5) Berikan cairan tambahan IV sesuai keperluan.
R/ Adanya penurunan masukan/banyak kehilangan, penggunaan parenteral dapat
memperbaiki/mencegah kekurangan.
6) Lapor dokter jika ada tanda-tanda kekurangan cairan menetap atau bertambah berat.
R/ Merupakan tanda-tanda kebutuhan cairan yang meningkat atau mulai timbulnya komplikasi.

IV. EVALUASI

1. Jalan napas paten dengan bunyi napas bersih, tak ada dispnea, sianosis.
2. Menunjukkan perbaikan ventilasi dan oksigenasi jaringan dengan GDA dalam rentang normal dan
tak ada gejala distres pernapasan.
3. Melaporkan/menunjukkan peningkatan toleransi terhadap aktivitas yang dapat diukur dengan tak
adanya dispnea, kelemahan berlebihan, dan tanda vital dalam rentang normal.
4. Menunjukkan rileks, istirahat/tidur, dan peningkatan aktivitas yang tepat.
5. Menunjukkan peningkatan masukan makanan, mempertahankan/ meningkatkan berat badan,
menyatakan perasaan sejahtera.
6. Menunjukkan keseimbangan cairan dibuktikan dengan parameter individual yang tepat, mis:
membran mukosa lembab, turgor kulit baik, pengisian kapiler cepat, tanda vital stabil.

DAFTAR PUSTAKA

Brunner dan Suddarth. 2001. Keperawatan Medikal Bedah Ed. 8 Vol 1. Penerbit Buku Kedokteran
EGC. Jakarta.

Doenges, Marilynn E. 2000. Rencana Asuhan Keperawatan: Pedoman Untuk Perencanaan dan
Pendokumentasian Perawatan Pasien Ed.3.EGC. Jakarta.

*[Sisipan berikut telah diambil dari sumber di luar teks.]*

(** * One-sided slopes *)

Definition right_germ (g : R -> R) (t s : R) : Prop :=
  exists d, 0 < d /\ forall z, t <= z <= t + d -> g z = g t + s * (z - t).
Definition left_germ (g : R -> R) (t s : R) : Prop :=
  exists d, 0 < d /\ forall z, t - d <= z <= t -> g z = g t + s * (z - t).
Definition affine_on (g : R -> R) (x y s : R) : Prop :=
  forall z, x <= z <= y -> g z = g x + s * (z - x).

Lemma right_germ_ext g h t s : (forall z, g z = h z) -> right_germ g t s -> right_germ h t s.
Proof. intros E [d [Hd Hg]]. exists d. split; [exact Hd|]. intros z Hz. rewrite <- !E. auto. Qed.

Lemma left_germ_ext g h t s : (forall z, g z = h z) -> left_germ g t s -> left_germ h t s.
Proof. intros E [d [Hd Hg]]. exists d. split; [exact Hd|]. intros z Hz. rewrite <- !E. auto. Qed.

Lemma right_germ_comp f g t s s' :
  0 < s -> right_germ f t s -> right_germ g (f t) s' -> right_germ (fun z => g (f z)) t (s' * s).
Proof.
  intros Hs [d1 [Hd1 Hf]] [d2 [Hd2 Hg]].
  exists (Rmin d1 (d2 / s)). split; [apply Rmin_pos; [lra | apply Rdiv_lt_0_compat; lra]|].
  intros z Hz. pose proof (Rmin_l d1 (d2 / s)). pose proof (Rmin_r d1 (d2 / s)).
  assert (Hzs : s * (z - t) <= d2).
  { replace d2 with (s * (d2 / s)) by (field; lra). apply Rmult_le_compat_l; lra. }
  rewrite (Hf z) by lra. rewrite Hg by nra. ring.
Qed.

Lemma left_germ_comp f g t s s' :
  0 < s -> left_germ f t s -> left_germ g (f t) s' -> left_germ (fun z => g (f z)) t (s' * s).
Proof.
  intros Hs [d1 [Hd1 Hf]] [d2 [Hd2 Hg]].
  exists (Rmin d1 (d2 / s)). split; [apply Rmin_pos; [lra | apply Rdiv_lt_0_compat; lra]|].
  intros z Hz. pose proof (Rmin_l d1 (d2 / s)). pose proof (Rmin_r d1 (d2 / s)).
  assert (Hzs : s * (t - z) <= d2).
  { replace d2 with (s * (d2 / s)) by (field; lra). apply Rmult_le_compat_l; lra. }
  rewrite (Hf z) by lra. rewrite Hg by nra. ring.
Qed.

Lemma right_germ_unique g t s s' : right_germ g t s -> right_germ g t s' -> s = s'.
Proof.
  intros [d [Hd Hs]] [d' [Hd' Hs']]. pose proof (Rmin_l d d'). pose proof (Rmin_r d d').
  set (e := Rmin d d') in *. assert (0 < e) by (apply Rmin_pos; assumption).
  specialize (Hs (t + e) ltac:(lra)). specialize (Hs' (t + e) ltac:(lra)).
  apply (Rmult_eq_reg_r e); lra.
Qed.

Lemma left_germ_unique g t s s' : left_germ g t s -> left_germ g t s' -> s = s'.
Proof.
  intros [d [Hd Hs]] [d' [Hd' Hs']]. pose proof (Rmin_l d d'). pose proof (Rmin_r d d').
  set (e := Rmin d d') in *. assert (0 < e) by (apply Rmin_pos; assumption).
  specialize (Hs (t - e) ltac:(lra)). specialize (Hs' (t - e) ltac:(lra)).
  apply (Rmult_eq_reg_r (- e)); lra.
Qed.

Lemma right_germ_incr_pos g t s :
  (forall x y, x < y -> g x < g y) -> right_germ g t s -> 0 < s.
Proof.
  intros Hg [d [Hd E]]. specialize (Hg t (t + d) ltac:(lra)).
  rewrite (E (t + d)) in Hg by lra. nra.
Qed.

Lemma affine_on_right_germ g x y s : x < y -> affine_on g x y s -> right_germ g x s.
Proof. intros Hxy Hg. exists (y - x). split; [lra|]. intros z Hz. apply Hg. lra. Qed.

Lemma affine_on_left_germ g x y s : x < y -> affine_on g x y s -> left_germ g y s.
Proof.
  intros Hxy Hg. exists (y - x). split; [lra|]. intros z Hz.
  rewrite (Hg z), (Hg y) by lra. ring.
Qed.

Lemma affine_on_comp f g x y s s' :
  0 < s -> affine_on f x y s -> affine_on g (f x) (f y) s' ->
  affine_on (fun z => g (f z)) x y (s' * s).
Proof.
  intros Hs Hf Hg z Hz. pose proof (Hf y ltac:(lra)).
  rewrite (Hf z Hz), Hg by nra. ring.
Qed.


(** * Degree-one lifts *)

Definition has_rotation_limit (f : R -> R) (r : R) : Prop :=
  Un_cv (fun n => (Nat.iter n f 0 - 0) / INR n) r.

Definition periodic_pt (f : R -> R) (q : nat) (P : Z) (z : R) : Prop :=
  Nat.iter q f z = z + IZR P.

Definition periodic_gap (f : R -> R) (q : nat) (P : Z) (u v : R) : Prop :=
  u < v /\ periodic_pt f q P u /\ periodic_pt f q P v /\
  forall z, u < z < v -> ~ periodic_pt f q P z.

Section DegreeOneLift.

Context {f : R -> R}.
Hypothesis f_incr : forall x y, x < y -> f x < f y.
Hypothesis f_add_int : forall x (k : Z), f (x + IZR k) = f x + IZR k.
Hypothesis f_cont : continuity f.

Local Notation it n := (Nat.iter n f).

Lemma iter_add_int n x k : it n (x + IZR k) = it n x + IZR k.
Proof. induction n as [|n IH]; [reflexivity|]. simpl. rewrite IH. apply f_add_int. Qed.

Lemma iter_incr n x y : x < y -> it n x < it n y.
Proof. induction n as [|n IH]; intros Hxy; [exact Hxy|]. apply f_incr, IH, Hxy. Qed.

Lemma iter_le n x y : x <= y -> it n x <= it n y.
Proof. intros [Hxy|<-]; [left; now apply iter_incr | lra]. Qed.

Lemma iter_inj n x y : it n x = it n y -> x = y.
Proof.
  intros E. destruct (Rtotal_order x y) as [H|[H|H]]; [|exact H|];
    apply (iter_incr n) in H; lra.
Qed.

Lemma iter_cont n : continuity (it n).
Proof.
  induction n as [|n IH]; [exact (derivable_continuous _ derivable_id)|].
  exact (continuity_comp _ _ IH f_cont).
Qed.

Lemma iter_displacement n x c :
  it n x = x + c -> forall z, z + (c - 1) <= it n z <= z + (c + 1).
Proof.
  intros Hx z. destruct (int_floor_exists (z - x)) as [k Hk].
  pose proof (iter_le n (x + IZR k) z ltac:(lra)).
  pose proof (iter_le n z (x + IZR (k + 1)) ltac:(rewrite plus_IZR; lra)).
  rewrite !iter_add_int, Hx, plus_IZR in *. lra.
Qed.

Lemma iter_mul_periodic n x m j : it n x = x + IZR m -> it (j * n) x = x + INR j * IZR m.
Proof.
  intros Hx. induction j as [|j IH]; [simpl; ring|].
  replace (S j * n)%nat with (n + j * n)%nat by lia.
  rewrite Nat.iter_add, IH, INR_IZR_INZ, <- mult_IZR, iter_add_int, Hx, S_INR, INR_IZR_INZ, mult_IZR.
  ring.
Qed.

Lemma iter_mul_lower n c j x : (forall z, z + c <= it n z) -> x + INR j * c <= it (j * n) x.
Proof.
  intros Hc. induction j as [|j IH]; [simpl; lra|].
  replace (S j * n)%nat with (n + j * n)%nat by lia.
  rewrite Nat.iter_add, S_INR. specialize (Hc (it (j * n) x)). lra.
Qed.

Lemma iter_mul_upper n c j x : (forall z, it n z <= z + c) -> it (j * n) x <= x + INR j * c.
Proof.
  intros Hc. induction j as [|j IH]; [simpl; lra|].
  replace (S j * n)%nat with (n + j * n)%nat by lia.
  rewrite Nat.iter_add, S_INR. specialize (Hc (it (j * n) x)). lra.
Qed.

Lemma iter_mul_below n x m j :
  it n x < x + IZR m -> (0 < j)%nat -> it (j * n) x < x + INR j * IZR m.
Proof.
  intros Hx Hj. induction j as [|j IH]; [lia|].
  destruct (Nat.eq_dec j 0) as [->|Hj0]; [simpl; rewrite Nat.add_0_r; lra|].
  replace (S j * n)%nat with (n + j * n)%nat by lia.
  rewrite Nat.iter_add, S_INR.
  pose proof (iter_incr n _ _ (IH ltac:(lia))) as Hlt.
  rewrite INR_IZR_INZ, <- mult_IZR, iter_add_int, mult_IZR, <- INR_IZR_INZ in Hlt. lra.
Qed.

Lemma iter_mul_above n x m j :
  x + IZR m < it n x -> (0 < j)%nat -> x + INR j * IZR m < it (j * n) x.
Proof.
  intros Hx Hj. induction j as [|j IH]; [lia|].
  destruct (Nat.eq_dec j 0) as [->|Hj0]; [simpl; rewrite Nat.add_0_r; lra|].
  replace (S j * n)%nat with (n + j * n)%nat by lia.
  rewrite Nat.iter_add, S_INR.
  pose proof (iter_incr n _ _ (IH ltac:(lia))) as Hlt.
  rewrite INR_IZR_INZ, <- mult_IZR, iter_add_int, mult_IZR, <- INR_IZR_INZ in Hlt. lra.
Qed.

Lemma periodic_of_iter_mul n t x m :
  (0 < t)%nat -> it (t * n) x = x + INR t * IZR m -> it n x = x + IZR m.
Proof.
  intros Ht E. destruct (Rtotal_order (it n x) (x + IZR m)) as [H|[H|H]]; [|exact H|].
  - pose proof (iter_mul_below n x m t H Ht). lra.
  - pose proof (iter_mul_above n x m t H Ht). lra.
Qed.

Lemma rotation_lower r n c :
  has_rotation_limit f r -> (0 < n)%nat -> (forall z, z + c <= it n z) -> c / INR n <= r.
Proof.
  intros Hr Hn Hc. apply (Un_cv_mul_subseq_ge _ r n _ Hr Hn). intros j Hj.
  pose proof (iter_mul_lower n c j 0 Hc).
  assert (0 < INR j) by (apply lt_0_INR; lia). assert (0 < INR n) by (apply lt_0_INR; lia).
  rewrite mult_INR. apply (Rmult_le_reg_r (INR j * INR n)); [nra|].
  field_simplify; lra.
Qed.

Lemma rotation_upper r n c :
  has_rotation_limit f r -> (0 < n)%nat -> (forall z, it n z <= z + c) -> r <= c / INR n.
Proof.
  intros Hr Hn Hc. apply (Un_cv_mul_subseq_le _ r n _ Hr Hn). intros j Hj.
  pose proof (iter_mul_upper n c j 0 Hc).
  assert (0 < INR j) by (apply lt_0_INR; lia). assert (0 < INR n) by (apply lt_0_INR; lia).
  rewrite mult_INR. apply (Rmult_le_reg_r (INR j * INR n)); [nra|].
  field_simplify; lra.
Qed.

Lemma rotation_of_periodic r n x m :
  has_rotation_limit f r -> (0 < n)%nat -> it n x = x + IZR m -> r = IZR m / INR n.
Proof.
  intros Hr Hn Hx. enough (r - IZR m / INR n = 0) by lra.
  apply Rabs_le_inv_INR_eq_0. intros j Hj.
  assert (0 < INR j) by (apply lt_0_INR; lia). assert (1 <= INR n) by (apply (le_INR 1); lia).
  assert (Hjn : (0 < j * n)%nat) by lia.
  pose proof (iter_displacement (j * n) x (INR j * IZR m)) as Hdisp.
  specialize (Hdisp (iter_mul_periodic n x m j Hx)).
  pose proof (rotation_lower r _ _ Hr Hjn (fun z => proj1 (Hdisp z))) as Hlo.
  pose proof (rotation_upper r _ _ Hr Hjn (fun z => proj2 (Hdisp z))) as Hhi.
  rewrite mult_INR in Hlo, Hhi.
  replace ((INR j * IZR m - 1) / (INR j * INR n)) with (IZR m / INR n - / (INR j * INR n)) in Hlo
    by (field; lra).
  replace ((INR j * IZR m + 1) / (INR j * INR n)) with (IZR m / INR n + / (INR j * INR n)) in Hhi
    by (field; lra).
  assert (/ (INR j * INR n) <= / INR j).
  { apply Rinv_le_contravar; [lra|]. nra. }
  apply Rabs_le. lra.
Qed.

Lemma periodic_point_exists q P :
  has_rotation_limit f (IZR P / INR q) -> (0 < q)%nat -> exists z, it q z = z + IZR P.
Proof.
  intros Hr Hq. set (D z := it q z - z - IZR P).
  assert (HD : continuity D).
  { apply continuity_minus; [apply continuity_minus; [apply iter_cont | apply derivable_continuous, derivable_id]|].
    apply derivable_continuous, derivable_const. }
  assert (Hper : forall z, exists z', 0 <= z' <= 1 /\ D z = D z').
  { intros z. destruct (int_floor_exists z) as [k Hk]. exists (z - IZR k). split; [lra|].
    unfold D. replace z with (z - IZR k + IZR k) at 1 2 by ring. rewrite iter_add_int. ring. }
  assert (0 < INR q) by (apply lt_0_INR; lia).
  destruct (continuity_ab_min D 0 1 ltac:(lra) (fun c _ => HD c)) as [a [Ha Ha01]].
  destruct (continuity_ab_maj D 0 1 ltac:(lra) (fun c _ => HD c)) as [b [Hb Hb01]].
  destruct (Rlt_or_le 0 (D a)) as [Hpos|Hnpos].
  { exfalso. assert (Hlow : forall z, z + (IZR P + D a) <= it q z).
    { intros z. destruct (Hper z) as [z' [Hz' E]]. specialize (Ha z' Hz'). unfold D in *. lra. }
    pose proof (rotation_lower _ _ _ Hr Hq Hlow).
    assert (IZR P / INR q < (IZR P + D a) / INR q) by (apply Rmult_lt_compat_r; [now apply Rinv_0_lt_compat | lra]).
    lra. }
  destruct (Rlt_or_le (D b) 0) as [Hneg|Hnneg].
  { exfalso. assert (Hup : forall z, it q z <= z + (IZR P + D b)).
    { intros z. destruct (Hper z) as [z' [Hz' E]]. specialize (Hb z' Hz'). unfold D in *. lra. }
    pose proof (rotation_upper _ _ _ Hr Hq Hup).
    assert ((IZR P + D b) / INR q < IZR P / INR q) by (apply Rmult_lt_compat_r; [now apply Rinv_0_lt_compat | lra]).
    lra. }
  assert (Hab : D (Rmin a b) * D (Rmax a b) <= 0).
  { unfold Rmin, Rmax. destruct (Rle_dec a b); nra. }
  assert (Hmm : Rmin a b <= Rmax a b) by (unfold Rmin, Rmax; destruct (Rle_dec a b); lra).
  destruct (IVT_cor D _ _ HD Hmm Hab) as [z [_ Hz]].
  exists z. unfold D in Hz. lra.
Qed.

Section RationalRotation.

Variables (q : nat) (P : Z).
Hypothesis rotation_P_q : has_rotation_limit f (IZR P / INR q).
Hypothesis q_pos : (0 < q)%nat.
Hypothesis q_P_coprime : Z.gcd (Z.of_nat q) P = 1%Z.

Local Notation periodic := (periodic_pt f q P).
Local Notation gap := (periodic_gap f q P).

Lemma period_multiple k x m : (0 < k)%nat -> it k x = x + IZR m -> Nat.divide q k.
Proof.
  intros Hk Hx. pose proof (rotation_of_periodic _ _ _ _ rotation_P_q Hk Hx) as E.
  assert (0 < INR q) by (apply lt_0_INR; lia). assert (0 < INR k) by (apply lt_0_INR; lia).
  assert (EZ : (P * Z.of_nat k = m * Z.of_nat q)%Z).
  { apply eq_IZR. rewrite !mult_IZR, <- !INR_IZR_INZ.
    replace (IZR P) with (IZR P / INR q * INR q) by (field; lra). rewrite E. field. lra. }
  apply Nat_divide_of_Z, (Z.gauss _ P); [exists m; lia | exact q_P_coprime].
Qed.

Lemma no_period_below k x m : (0 < k < q)%nat -> it k x <> x + IZR m.
Proof. intros Hk Hx. destruct (period_multiple k x m ltac:(lia) Hx) as [[|c] Hc]; lia. Qed.

Lemma periodic_of_return k x m : (0 < k)%nat -> it k x = x + IZR m -> periodic x.
Proof.
  intros Hk Hx. destruct (period_multiple k x m Hk Hx) as [t ->].
  assert (0 < INR q) by (apply lt_0_INR; lia). assert (Ht : (0 < t)%nat) by nia.
  assert (0 < INR t) by (apply lt_0_INR; lia).
  pose proof (rotation_of_periodic _ _ _ _ rotation_P_q Hk Hx) as E. rewrite mult_INR in E.
  apply (periodic_of_iter_mul q t x P Ht). rewrite Hx.
  replace (IZR m) with (IZR m / (INR t * INR q) * (INR t * INR q)) by (field; lra).
  rewrite <- E. field. lra.
Qed.

Lemma periodic_add_int z k : periodic z -> periodic (z + IZR k).
Proof. unfold periodic_pt. intros Hz. rewrite iter_add_int, Hz. ring. Qed.

Lemma periodic_iter j z : periodic (it j z) <-> periodic z.
Proof.
  unfold periodic_pt.
  replace (it q (it j z)) with (it j (it q z)) by (rewrite <- !Nat.iter_add, Nat.add_comm; reflexivity).
  rewrite <- iter_add_int. split; [apply iter_inj | intros ->; reflexivity].
Qed.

Charles, J.Reeves, dkk. 2001. Buku 1 Keperawatan Medikal Bedah Ed. I. Salemba Medika. Jakarta.

Price, Sylvia Anderson. 2005. Patofisiologi: Konsep klinis proses-proses penyakit Ed. 6 Vol 2. EGC.
Jakarta.

Slamet suyono, dkk. 2001. Buku Ajar Ilmu Penyakit Dalam Jilid II Ed.3. Balai Penerbit FKUI. Jakarta.